Com efeito, o Tribunal a quo apontou que a preventiva se encontra ”fundamentada na probabilidade concreta de reiteração delitiva, evidenciada pelo fato de que, após se tornar público o fato ocorrido com a vítima (...), as demais saíram do anonimato e resolveram somar vozes”, e consignou, ainda, que “é um comportamento habitual que se perpetua ao longo dos anos, demonstrando a necessidade de cessação”.
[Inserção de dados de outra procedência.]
(* Let $X_1,\dots,X_n\subseteq\mathbb R^m$ ($2\le n\le m$) be smooth tropical hypersurfaces whose intersection is transversal. For nonempty $J\subseteq[n]=\{1,\dots,n\}$ let $U_J=\bigcup_{i\in J}X_i$, let $I=\bigcap_{i=1}^nX_i$ and $U=U_{[n]}$, and write $Z^{(0)}$ for the set of vertices ($0$-cells) of a polyhedral complex $Z$. Then, as disjoint unions (multisets), $$I^{(0)}\;\sqcup\bigsqcup_{|J|=n-1}U_J^{(0)}\;\sqcup\bigsqcup_{|J|=n-3}U_J^{(0)}\;\sqcup\cdots\;=\;U^{(0)}\;\sqcup\bigsqcup_{|J|=n-2}U_J^{(0)}\;\sqcup\bigsqcup_{|J|=n-4}U_J^{(0)}\;\sqcup\cdots,$$ where the unions range over subsets $J\subseteq[n]$ with $|J|\ge1$ of the indicated sizes. That is, for every point $p\in\mathbb R^m$, $$[p\in I^{(0)}]+\#\{J: 1\le|J|\le n-1,\ |J|\equiv n-1 \ (\mathrm{mod}\ 2),\ p\in U_J^{(0)}\}=[p\in U^{(0)}]+\#\{J:1\le|J|\le n-2,\ |J|\equiv n\ (\mathrm{mod}\ 2),\ p\in U_J^{(0)}\}.$$
   Context: Over $(\mathbb R,\max,+)$, a tropical polynomial is $f(x)=\max_{a\in\mathcal A}\{\lambda_a+a\cdot x\}$, $\mathcal A\subseteq\mathbb Z^{m}$ finite, $\lambda_a\in\mathbb R$; Newton polytope $\Delta_f=\operatorname{conv}(\mathcal A)$; lifted polytope $\tilde\Delta_f=\operatorname{conv}\{(a,t):a\in\mathcal A,t\le\lambda_a\}$, whose bounded faces project to a regular lattice subdivision $\operatorname{Subdiv}(f)$ of $\Delta_f$. $V_{tr}(f)$ is the non-linear locus of $f$, a polyhedral complex of pure dimension $m-1$, with a bijection $C\mapsto C^\vee$ from $k$-cells of $V_{tr}(f)$ to $(m-k)$-cells of $\operatorname{Subdiv}(f)$, $C^\vee=\operatorname{conv}\{a:\lambda_a+a\cdot x=f(x)\}$ for $x$ in the relative interior of $C$. $V_{tr}(f)$ is smooth if every maximal cell of $\operatorname{Subdiv}(f)$ is a lattice simplex of volume $1/m!$. For $X_i=V_{tr}(f_i)$, the union $U_J=\bigcup_{i\in J}X_i$ is the tropical hypersurface $V_{tr}(\bigodot_{i\in J}f_i)$ (the product polynomial has function $\sum_{i\in J}f_i$), with its polyhedral complex structure and subdivision $\operatorname{Subdiv}_{U_J}=\operatorname{Subdiv}(\bigodot_{i\in J}f_i)$; each cell of it has a privileged representation as a Minkowski sum $\sum_{i\in J}\Lambda_i$, $\Lambda_i\in\operatorname{Subdiv}(f_i)$, obtained by uniquely decomposing the corresponding bounded face of $\tilde\Delta_{\bigodot f_i}=\sum\tilde\Delta_{f_i}$. Each cell $C$ of $I_J=\bigcap_{i\in J}X_i$ is uniquely $\bigcap_{i\in J}C_i$ with $C_i$ a cell of $X_i$ containing $C$ in its relative interior, and its dual $C^\vee\in\operatorname{Subdiv}_{U_J}$ has privileged representation $\sum_{i\in J}C_i^\vee$. The intersection $X_1\cap\dots\cap X_n$ is transversal if for every $J\subseteq[n]$ with $|J|\ge2$, $I_J$ has dimension $m-|J|$ and every cell $C$ of $I_J$ satisfies $\dim C^\vee=\sum_{i\in J}\dim C_i^\vee$. *)

From HB Require Import structures.
From mathcomp Require Import all_boot all_order all_algebra.
From mathcomp Require Import reals.
Set Implicit Arguments. Unset Strict Implicit. Unset Printing Implicit Defensive.
Import Order.TTheory GRing.Theory Num.Theory.
Local Open Scope ring_scope.

Section Tropical.
Variables (R : realType) (m : nat).

Definition expo := 'rV[int]_m.

(* Repeated exponents are harmless:
   only the largest coefficient of a repeated exponent can ever be active. *)
Definition tpoly := seq (expo * R).

Definition tdot (a : expo) (x : 'rV[R]_m) : R :=
  \sum_(j < m) (a 0 j)%:~R * x 0 j.

Definition tterm (p : expo * R) (x : 'rV[R]_m) : R := p.2 + tdot p.1 x.

Definition teval (f : tpoly) (x : 'rV[R]_m) : R :=
  match f with
  | [::] => 0
  | p :: f' => foldr (fun q acc => Num.max (tterm q x) acc) (tterm p x) f'
  end.

(* exponents a with lam_a + a.x = f(x); C^vee = conv (tactive f x) *)
Definition tactive (f : tpoly) (x : 'rV[R]_m) : seq expo :=
  undup [seq p.1 | p <- f & tterm p x == teval f x].

Definition in_Vtr (f : tpoly) (x : 'rV[R]_m) : bool := (1 < size (tactive f x))%N.

Definition adim (s : seq expo) : nat :=
  \rank (\matrix_(i < size s, j < m)
           ((nth 0 s i 0 j - head 0 s 0 j)%:~R : rat)).

Definition tmul (f g : tpoly) : tpoly :=
  [seq (p.1 + q.1, p.2 + q.2) | p <- f, q <- g].
Definition tprod (fs : seq tpoly) : tpoly := foldr tmul [:: (0, 0)] fs.

(* x is a vertex (0-cell) of V_tr(f): the dual cell conv(tactive f x) of
   the cell containing x in its relative interior has dimension m *)
Definition is_vertex (f : tpoly) (x : 'rV[R]_m) : bool :=
  in_Vtr f x && (adim (tactive f x) == m)%N.

(* Maximal cells of Subdiv(f): the cells are conv(tactive f x), x in R^m *)
Definition max_cell (f : tpoly) (x : 'rV[R]_m) : Prop :=
  forall y, {subset tactive f x <= tactive f y} ->
            {subset tactive f y <= tactive f x}.

Definition unimodular_simplex (s : seq expo) : Prop :=
  exists (a0 : expo) (b : 'I_m -> expo),
    (forall a, (a \in s) = (a == a0) || [exists i, a == b i]) /\
    `|\det (\matrix_(i < m, j < m) (b i 0 j - a0 0 j))| = 1.

Definition smooth_trop (f : tpoly) : Prop :=
  forall x, max_cell f x -> unimodular_simplex (tactive f x).

Section Family.
Variables (n : nat) (f : 'I_n -> tpoly).

Definition prodJ (J : {set 'I_n}) : tpoly := tprod [seq f i | i <- enum J].

Definition in_IJ (J : {set 'I_n}) (x : 'rV[R]_m) : bool :=
  [forall i in J, in_Vtr (f i) x].

(* dim of C^vee for the cell C of I_J containing x in its relative
   interior (C^vee = sum_i C_i^vee in Subdiv_{U_J}) *)
Definition dual_dim (J : {set 'I_n}) (x : 'rV[R]_m) : nat :=
  adim (tactive (prodJ J) x).

Definition trop_transversal : Prop :=
  forall J : {set 'I_n}, (2 <= #|J|)%N ->
    (* dim I_J = m - |J|  (cells of I_J have dimension m - dim C^vee) *)
    ((exists x, in_IJ J x /\ (m - dual_dim J x = m - #|J|)%N) /\
     (forall x, in_IJ J x -> (m - dual_dim J x <= m - #|J|)%N)) /\
    (forall x, in_IJ J x ->
       dual_dim J x = (\sum_(i in J) adim (tactive (f i) x))%N).

Definition vert_U (J : {set 'I_n}) (x : 'rV[R]_m) : bool :=
  is_vertex (prodJ J) x.

Definition vert_I (x : 'rV[R]_m) : bool :=
  in_IJ setT x && (dual_dim setT x == m)%N.

End Family.
End Tropical.

From HB Require Import structures.
From mathcomp Require Import all_boot all_order all_algebra.
From mathcomp Require Import reals zify.
Import Order.TTheory GRing.Theory Num.Theory.
Local Open Scope ring_scope.
Set Implicit Arguments. Unset Strict Implicit.

(* Fix p and let V_i be the direction space of the dual cell of p in
   Subdiv(f_i); it is nonzero exactly when p lies on X_i, i.e. for i in a set S.
   The dual cell of p in U_J is the Minkowski sum of these cells, so its
   dimension is the rank of the sum of the V_i, i in J, and transversality
   makes this rank additive in J.  Hence p is a vertex of U_J iff J contains S
   and the V_i have total dimension m, and a vertex of I iff moreover S = [n].
   Both sides of the identity then count the supersets of S of one parity, and
   toggling an index outside S exchanges the two parities. *)

Section TropicalArithmetic.
Variables (R : realType) (m : nat).
Implicit Types (f g : tpoly R m) (x : 'rV[R]_m).

Lemma foldr_max_tterm x (v : R) (l : tpoly R m) :
  let M := foldr (fun q acc => Num.max (tterm q x) acc) v l in
  [/\ v <= M, (forall q, q \in l -> tterm q x <= M) &
      M = v \/ exists2 q, q \in l & M = tterm q x].
Proof.
elim: l => [|q l [IH1 IH2 IH3]] /=; first by split => //; left.
split.
- by rewrite (le_trans IH1) // le_max lexx orbT.
- move=> q'; rewrite inE => /orP [/eqP ->|ql]; first by rewrite le_max lexx.
  by rewrite le_max IH2 ?orbT.
- case: (leP (tterm q x)) => _; last by right; exists q; rewrite ?inE ?eqxx.
  case: IH3 => [->|[q' q'l ->]]; first by left.
  by right; exists q'; rewrite // inE q'l orbT.
Qed.

Lemma tterm_le_teval f x q : q \in f -> tterm q x <= teval f x.
Proof.
case: f => [//|p l] /=; have [le_p le_l _] := foldr_max_tterm x (tterm p x) l.
by rewrite inE => /orP [/eqP ->|/le_l].
Qed.

Lemma teval_attained f x : f != [::] -> exists2 q, q \in f & tterm q x = teval f x.
Proof.
case: f => [//|p l] _ /=; have [_ _ [->|[q ql ->]]] := foldr_max_tterm x (tterm p x) l.
  by exists p; rewrite ?inE ?eqxx.
by exists q; rewrite // inE ql orbT.
Qed.

Lemma teval_eq f x v : f != [::] -> (forall q, q \in f -> tterm q x <= v) ->
  (exists2 q, q \in f & tterm q x = v) -> teval f x = v.
Proof.
move=> f_neq0 ub [q qf qv]; apply/eqP; rewrite eq_le -{2}qv tterm_le_teval // andbT.
by have [q' q'f <-] := teval_attained x f_neq0; apply: ub.
Qed.

Lemma tdotD (a b : expo m) x : tdot (a + b) x = tdot a x + tdot b x.
Proof. by rewrite /tdot -big_split; apply: eq_bigr => j _; rewrite mxE intrD mulrDl. Qed.

Lemma ttermD (p q : expo m * R) x :
  tterm (p.1 + q.1, p.2 + q.2) x = tterm p x + tterm q x.
Proof. by rewrite /tterm /= tdotD addrACA. Qed.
Deveras, cabível se mostra o entendimento de que a custódia cautelar para a garantia da ordem pública justifica-se ante a gravidade concreta da conduta. A propósito, a prisão preventiva que tem como fundamento a possibilidade de reiteração delitiva, encontra amparo na jurisprudência desta Corte. Cumpre destacar que o fato de o paciente ostentar condições pessoais favoráveis não lhe garante o direito de liberdade. Nesse sentido, verbis:
Direito processual penal. Agravo regimental em habeas corpus. Crimes sexuais. Inadequação da via eleita. Excesso de prazo. Inexistência. Prisão preventiva. Fundada probabilidade de reiteração criminosa. Jurisprudência do Supremo Tribunal Federal. 1. Do ponto de vista processual, o caso é de habeas corpus substitutivo de agravo regimental (cabível na origem). Nessas condições, tendo em vista a jurisprudência da Primeira Turma do Supremo Tribunal Federal (STF), o processo deve ser extinto sem resolução de mérito, por inadequação da via eleita (HC 115.659, Rel. Min. Luiz Fux). Inexistindo pronunciamento colegiado do Superior Tribunal de Justiça, não compete ao STF examinar a questão de direito implicada na impetração. 2. O entendimento do STF é de que a aferição de eventual demora injustificada na tramitação da ação penal depende das condições objetivas da causa (complexidade da causa, número de acusados e a necessidade de expedição de cartas precatórias, por exemplo). 3. Acerca da alegação de excesso de prazo na instrução processual, não há comprovação de desídia ou de injustificada demora por parte do Poder judiciário, especialmente ao considerar o entendimento do Juízo de primeiro grau de que “a tipicidade do delito ensejara prisão temporária, posteriormente convertida em preventiva, do investigado a fim de se permitir rápida conclusão das investigações e preservar a integridade física e psicológica da vítima e testemunhas, bem como a instrução criminal. Por outro lado, anote-se que a instrução criminal deste tipo penal enseja a tomadia de depoimento especial das vítimas e eventuais testemunhas menores de 18 anos, o que requer rito de preparação especial anterior a designação da audiência de instrução e julgamento que ora encontra-se designada para o dia 20/04/2022”. 4. Hipótese de paciente reincidente denunciado pela suposta prática de estupro de vulnerável e aliciamento de menores. A orientação do STF é no sentido de que a fundada probabilidade de reiteração criminosa constitui fundamentação idônea para a decretação da custódia preventiva (HC 137.234, Rel. Min. Teori Zavascki; HC 136.298, Rel. Min. Ricardo Lewandowski; HC 136.935-AgR, Rel. Min. Dias Toffoli). 5. Agravo regimental a que se nega provimento. (HC 212.914-AgR, Primeira Turma, Rel. Min. Roberto Barroso, DJe de 16/5/2022)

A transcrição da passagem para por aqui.